Das Kleingedruckte ist üppig, der Zusatzgewinn ernüchternd. Zumindest auf den ersten Blick. Wer sich bei Lufthansa einen freien Business-Class-Flug von Frankfurt nach Chicago (2.840 Euro vor noch zu zahlenden Steuern und Gebühren) erfliegen will, hat dazu exakt 55.000 Meilen zu sammeln. Weil die erst bei einem Umsatz von 110.000 Euro gutgeschrieben werden, beträgt der effektive Preisnachlass gerade einmal 2,6 Prozent.

Lohnt sich das Meilensammeln trotzdem? Und welches Programm bietet am meisten? Der frühere McKinsey-Berater Alexander Koenig, Inhaber der Vielfliegerberatung First Class & More, hat dazu für das Handelsblatt die führenden Anbieter unter die Lupe genommen.

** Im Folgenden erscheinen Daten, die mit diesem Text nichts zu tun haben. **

Theorem mainTheorem4 (mu lam : R) (Hmu : 0 < mu < 1) (Hlam : 0 <= lam < 1) :
  (forall x : R, 0 < x < 1 ->
     I_theta mu lam x >= 2 * ((1 - lam) / (1 + lam)) * (x - mu) ^ 2) /\
  (mu <> 1 / 2 ->
     forall x : R, 0 < x < 1 -> x <> mu ->
       g_ratio mu lam (1 - mu) <= g_ratio mu lam x).
Proof.
  pose proof (kappa_pos lam Hlam) as Hk.
  split.
  - intros x Hx. apply Rle_ge.
    replace (2 * ((1 - lam) / (1 + lam))) with (kappa lam * 2) by (unfold kappa; ring).
    apply I_theta_ge_of_kl_ge; try assumption.
    apply pinsker; apply contract_bounds; assumption.
  - intros Hmu2 x Hx Hxmu.
    assert (Hp2 : contract lam mu <> 1 / 2).
    { intro E. assert (Hc : contract lam mu - 1 / 2 = kappa lam * (mu - 1 / 2))
        by (unfold contract; ring).
      rewrite E, Rminus_diag in Hc. destruct (Rmult_integral _ _ (eq_sym Hc)); lra. }
    assert (Hx2 : 0 < (x - mu) ^ 2).
    { replace ((x - mu) ^ 2) with (Rsqr (x - mu)) by (unfold Rsqr; ring).
      apply Rsqr_pos_lt. lra. }
    rewrite g_ratio_mirror by assumption. unfold g_ratio.
    apply Rmult_le_reg_r with ((x - mu) ^ 2); [exact Hx2|].
    replace (I_theta mu lam x / (x - mu) ^ 2 * (x - mu) ^ 2) with (I_theta mu lam x) by (field; lra).
    apply I_theta_ge_of_kl_ge; try assumption.
    apply pinsker_ow; try apply contract_bounds; assumption.
Qed.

Seine Erkenntnis aus 800 Kundenbefragungen: Zwar sind die Meilengutschriften pro Euro Umsatz das wichtigste Wettbewerbskriterium – hier gab es eine Zustimmung von 100 Prozent. Gleichzeitig aber spielen die unbegrenzte Gültigkeit der gesammelten Meilen (96,3 Prozent), das Sammeln von Statusmeilen (93,8 Prozent) und Annehmlichkeiten wie Lounge-Zugang und Versicherungen (jeweils 58 Prozent) eine wichtige Rolle. Mehr als ein Drittel der Befragten honoriert nicht nur Rabatte bei Mietwagen-Anbietern, Hotels und anderen Partnerfirmen, sondern auch den Verzicht auf Auslandsgebühren für Kreditkartenzahlungen.

Individuell mögen die Präferenzen unterschiedlich ausfallen, für den durchschnittlichen Meilensammler ergibt sich daraus jedoch ein klarer Sieger unter den elf wichtigsten Bonusprogrammen: Mit Abstand die meisten Leistungen bietet die „American Express Platinum Card“. Die Vorzugsbehandlung an Flughäfen („Priority Pass“) ist dort inbegriffen und ebenfalls für den mitreisenden Partner enthalten – und das in der höchsten Kategorie „Prestige“ mit unbeschränktem Lounge-Zugang, die üblicherweise 399 Euro kostet. Hinzu kommen zahlreiche Versicherungen, darunter Vollkasko für bestimmte Mietwagen.

Vom Handelsblatt bekommt die „American Express Platinum Card“ die Spitzenbewertung, vom Ranking der Meilenkreditkarten hat sie Koenig aber ausgeschlossen. Aus gutem Grund. Das viereckige Plastik kostet 600 Euro im Jahr – zu viel, um die Karten mit den deutlich günstigeren Wettbewerbern zu vergleichen.